Task statement: Tally how many lines of these entries hold the string "exact". Return the number alone.

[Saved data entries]
□ □ □ □ □ □ □
Lemma comm_normal_sub (M N : {group gT}) :
  M <| G -> N <| G -> [~: G, M] \subset N -> M \subset N.
Proof.
move=> nsMG nsNG sGMN; have [->|MA|MG] := normal_trichotomy nsMG; first exact: sub1G.
  have [N1|->|->] := normal_trichotomy nsNG; [|by rewrite MA | exact: normal_sub].
  have /properP [_ [g Gg notAg]] := maxnormal_proper maxA.
  have cAG : G \subset 'C(A) by apply/commG1P/trivgP; rewrite -N1 -MA.
  by case/negP: notAg; apply: (subsetP cGA); rewrite inE Gg (subsetP cAG).
have sGGN : [~: G, G] \subset N by rewrite -{2}MG.
have [N1|NA|->] := normal_trichotomy nsNG; last by rewrite MG.
  by case/negP: der1_notsubA; rewrite (subset_trans sGGN) // N1 sub1G.
by case/negP: der1_notsubA; rewrite -NA.
Qed.

End MinimalMaximalNormal.

Section NormalizedSubgroups.
Variables (gT : finGroupType) (G : {group gT}) (K : groupType) (N : gT * K -> Prop).
Local Open Scope group_scope.
Hypotheses (NG : forall x, N x -> x.1 \in G) (N1 : N (1, 1)).
Hypotheses (NM : forall x y, N x -> N y -> N (x.1 * y.1, x.2 * y.2))
  (NV : forall x, N x -> N (x.1^-1, x.2^-1)).
Hypothesis nNG : forall g x, g \in G -> N x -> N (g * x.1 * g^-1, x.2).

Definition proj_fst : {set gT} := [set g | `[< exists k, N (g, k) >]].
Definition ker_snd : {set gT} := [set g | `[< N (g, 1) >]].

Lemma proj_fstP g : reflect (exists k, N (g, k)) (g \in proj_fst).
Proof. by rewrite inE; apply: asboolP. Qed.

Lemma ker_sndP g : reflect (N (g, 1)) (g \in ker_snd).
Proof. by rewrite inE; apply: asboolP. Qed.

Lemma proj_fst_group_set : group_set proj_fst.
Proof.
apply/group_setP; split => [|x y /proj_fstP [k Nk] /proj_fstP [l Nl]]; apply/proj_fstP.
  by exists 1.
by exists (k * l); apply: (NM Nk Nl).
Qed.
Canonical proj_fst_group := group proj_fst_group_set.

Lemma ker_snd_group_set : group_set ker_snd.
Proof.
apply/group_setP; split => [|x y /ker_sndP Nx /ker_sndP Ny]; apply/ker_sndP => //.
by have := NM Nx Ny; rewrite /= mulg1.
Qed.
Canonical ker_snd_group := group ker_snd_group_set.

Lemma N_conj g x k : g \in G -> N (x, k) -> N (x ^ g, k).
Proof. by move=> Gg /(nNG (groupVr Gg)); rewrite /= invgK conjgE mulgA. Qed.

Lemma proj_fst_normal : proj_fst <| G.
Proof.
apply/andP; split; first by apply/subsetP => g /proj_fstP [k /NG].
apply/subsetP => g Gg; rewrite inE; apply/subsetP => _ /imsetP [x /proj_fstP [k Nk] ->].
by apply/proj_fstP; exists k; apply: N_conj.
Qed.

Lemma ker_snd_normal : ker_snd <| G.
Proof.
apply/andP; split; first by apply/subsetP => g /ker_sndP /NG.
apply/subsetP => g Gg; rewrite inE; apply/subsetP => _ /imsetP [x /ker_sndP Nx ->].
by apply/ker_sndP; apply: N_conj.
Qed.

Lemma comm_proj_fst_sub : [~: G, proj_fst] \subset ker_snd.
Proof.
rewrite gen_subG; apply/subsetP => _ /imset2P [g x Gg /proj_fstP [k Nk] ->].
apply/ker_sndP; have := NM (N_conj Gg (NV Nk)) Nk.
by rewrite /= mulVg commgEr.
Qed.

Hypothesis comm_sub :
  forall M L : {group gT}, M <| G -> L <| G -> [~: G, M] \subset L -> M \subset L.

Lemma normalized_subgroup_prod : exists2 M : {group gT}, M <| G &
  exists L : K -> Prop, is_subgroup L /\ forall g k, N (g, k) <-> g \in M /\ L k.
Proof.
have sPK := comm_sub proj_fst_normal ker_snd_normal comm_proj_fst_sub.
exists proj_fst_group; first exact: proj_fst_normal.
exists (fun k => N (1, k)); split.
  split=> // [k l Nk Nl|k Nk]; first by have := NM Nk Nl; rewrite /= mulg1.
  by have := NV Nk; rewrite /= invg1.
move=> g k; split => [Ngk|[/(subsetP sPK) /ker_sndP Ng N1k]].
  have /ker_sndP Ng : g \in ker_snd by apply/(subsetP sPK)/proj_fstP; exists k.
  split; first by apply/proj_fstP; exists k.
  by have := NM (NV Ng) Ngk; rewrite /= mulVg invg1 mul1g.
by have := NM Ng N1k; rewrite /= mulg1 mul1g.
Qed.

End NormalizedSubgroups.

Section Mobius.
Variable F : fieldType.
Local Open Scope ring_scope.
Implicit Types (a b c d l t : F) (x : option F) (w : F * F).

Definition hcoord x : F * F := if x is Some t then (t, 1) else (1, 0).
Definition hproj w : option F := if w.2 == 0 then None else Some (w.1 / w.2).
Definition hscale l w : F * F := (l * w.1, l * w.2).
Definition hmul a b c d w : F * F := (a * w.1 + b * w.2, c * w.1 + d * w.2).

Definition mobius a b c d x : option F := hproj (hmul a b c d (hcoord x)).

Lemma mobiusE a b c d x : mobius a b c d x =
  if x is Some t then
    if c * t + d == 0 then None else Some ((a * t + b) / (c * t + d))
  else if c == 0 then None else Some (a / c).
Proof. by case: x => [t|]; rewrite /mobius /hproj /= ?mulr1 ?mulr0 ?addr0. Qed.

Lemma hprojZ l w : l != 0 -> hproj (hscale l w) = hproj w.
Proof.
move=> l0; rewrite /hproj /= mulf_eq0 (negbTE l0) /=.
by case: eqP => // /eqP w2; congr Some; field; apply/andP.
Qed.

Lemma hmulZ a b c d l w : hmul a b c d (hscale l w) = hscale l (hmul a b c d w).
Proof. by rewrite /hmul /hscale /=; congr pair; ring. Qed.

Lemma hmulM a b c d a' b' c' d' w :
  hmul a b c d (hmul a' b' c' d' w) =
  hmul (a * a' + b * c') (a * b' + b * d') (c * a' + d * c') (c * b' + d * d') w.
Proof. by rewrite /hmul /=; congr pair; ring. Qed.

Lemma hcoordK w : w != (0, 0) -> exists2 l, l != 0 & w = hscale l (hcoord (hproj w)).
Proof.
case: w => u v w0; rewrite /hproj /hscale /=; case: eqP => [v0|/eqP v0] /=.
  by exists u; [apply: contraNneq w0 => u0; rewrite u0 v0 | rewrite v0 mulr1 mulr0].
by exists v => //; rewrite mulr1; congr pair; field.
Qed.

Lemma hcoord_neq0 x : hcoord x != (0, 0).
Proof. by case: x => [t|]; rewrite xpair_eqE oner_eq0 ?andbF. Qed.

Lemma hmul_neq0 a b c d w : a * d - b * c != 0 -> w != (0, 0) ->
  hmul a b c d w != (0, 0).
Proof.
case: w => u v det0; apply: contraNneq; rewrite /hmul /= => -[e1 e2].
have eu : (a * d - b * c) * u = d * (a * u + b * v) - b * (c * u + d * v) by ring.
have ev : (a * d - b * c) * v = a * (c * u + d * v) - c * (a * u + b * v) by ring.
move: eu ev; rewrite e1 e2 !mulr0 subrr => /eqP + /eqP.
by rewrite !mulf_eq0 (negbTE det0) => /eqP -> /eqP ->.
Qed.

Lemma mobiusM a b c d a' b' c' d' x : a' * d' - b' * c' != 0 ->
  mobius a b c d (mobius a' b' c' d' x) =
  mobius (a * a' + b * c') (a * b' + b * d') (c * a' + d * c') (c * b' + d * d') x.
Proof.
move=> det0; rewrite /mobius -hmulM.
have [l l0 {2}->] := hcoordK (hmul_neq0 det0 (hcoord_neq0 x)).
by rewrite hmulZ hprojZ.
Qed.

Lemma mobius_scalar l x : l != 0 -> mobius l 0 0 l x = x.
Proof.
move=> l0; rewrite mobiusE; case: x => [t|]; rewrite ?eqxx //.
by rewrite mul0r add0r (negbTE l0) addr0; congr Some; field.
Qed.

End Mobius.

Section PSL2.
Variable F : finFieldType.
Local Open Scope ring_scope.
Implicit Types (a b c d e l t : F) (x : option F).

(* The identity on singular matrices, only to make [mobius_perm] total. *)
Definition mobius_fun a b c d : option F -> option F :=
  if a * d - b * c != 0 then mobius a b c d else id.

Lemma mobius_fun_inj a b c d : injective (mobius_fun a b c d).
Proof.
rewrite /mobius_fun; case: ifP => [det0|_] //.
apply: (can_inj (g := mobius d (- b) (- c) a)) => x.
rewrite mobiusM // -[RHS](mobius_scalar x det0); congr mobius; ring.
Qed.

Definition mobius_perm a b c d : {perm option F} := perm (@mobius_fun_inj a b c d).

Lemma mobius_permE a b c d : a * d - b * c = 1 -> mobius_perm a b c d =1 mobius a b c d.
Proof. by move=> det1 x; rewrite permE /mobius_fun det1 oner_neq0. Qed.

Lemma mobius_permM a b c d a' b' c' d' :
  a * d - b * c = 1 -> a' * d' - b' * c' = 1 ->
  (mobius_perm a' b' c' d' * mobius_perm a b c d)%g =
  mobius_perm (a * a' + b * c') (a * b' + b * d') (c * a' + d * c') (c * b' + d * d').
Proof.
move=> det1 det1'; apply/permP => x.
rewrite permM !mobius_permE ?mobiusM ?det1' ?oner_neq0 //.
by rewrite -[1](mulr1 1) -{1}det1 -det1'; ring.
Qed.

Lemma mobius_perm1 : mobius_perm 1 0 0 1 = 1%g.
Proof.
apply/permP => x; rewrite perm1 mobius_permE ?mobius_scalar ?oner_neq0 //.
by rewrite mulr1 mulr0 subr0.
Qed.

Lemma mobius_permV a b c d : a * d - b * c = 1 ->
  (mobius_perm a b c d)^-1%g = mobius_perm d (- b) (- c) a.
Proof.
move=> det1; apply/eqP; rewrite eq_invg_mul mobius_permM //; last by rewrite -det1; ring.
by rewrite -mobius_perm1; apply/eqP; congr mobius_perm; rewrite -?det1; ring.
Qed.

Definition PSL2 : {set {perm option F}} :=
  [set s | [exists M : 'M[F]_2, (\det M == 1) && (s == mobius_perm
     (M ord0 ord0) (M ord0 ord_max) (M ord_max ord0) (M ord_max ord_max))]].

Lemma PSL2P s :
  reflect (exists a b c d, a * d - b * c = 1 /\ s = mobius_perm a b c d) (s \in PSL2).
Proof.
rewrite inE; apply: (iffP existsP) => [[M /andP [/eqP detM /eqP ->]]|].
  by do 4!eexists; split; last reflexivity; rewrite -det_mx22.
case=> a [b [c [d [det1 ->]]]].
exists (\matrix_(i < 2, j < 2) (nth [::] [:: [:: a; b]; [:: c; d]] i)`_j).
by rewrite det_mx22 !mxE /= det1 !eqxx.
Qed.

Lemma mobius_perm_PSL2 a b c d : a * d - b * c = 1 -> mobius_perm a b c d \in PSL2.
Proof. by move=> det1; apply/PSL2P; exists a, b, c, d. Qed.

Lemma PSL2_group_set : group_set PSL2.
Proof.
apply/group_setP; split.
  by rewrite -mobius_perm1 mobius_perm_PSL2 // mulr1 mulr0 subr0.
move=> _ _ /PSL2P [a [b [c [d [det1 ->]]]]] /PSL2P [a' [b' [c' [d' [det1' ->]]]]].
rewrite mobius_permM // mobius_perm_PSL2 //.
by rewrite -[1](mulr1 1) -{1}det1 -det1'; ring.
Qed.
Canonical PSL2_group := group PSL2_group_set.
□ □ □ □ □ □ □
Your response: 3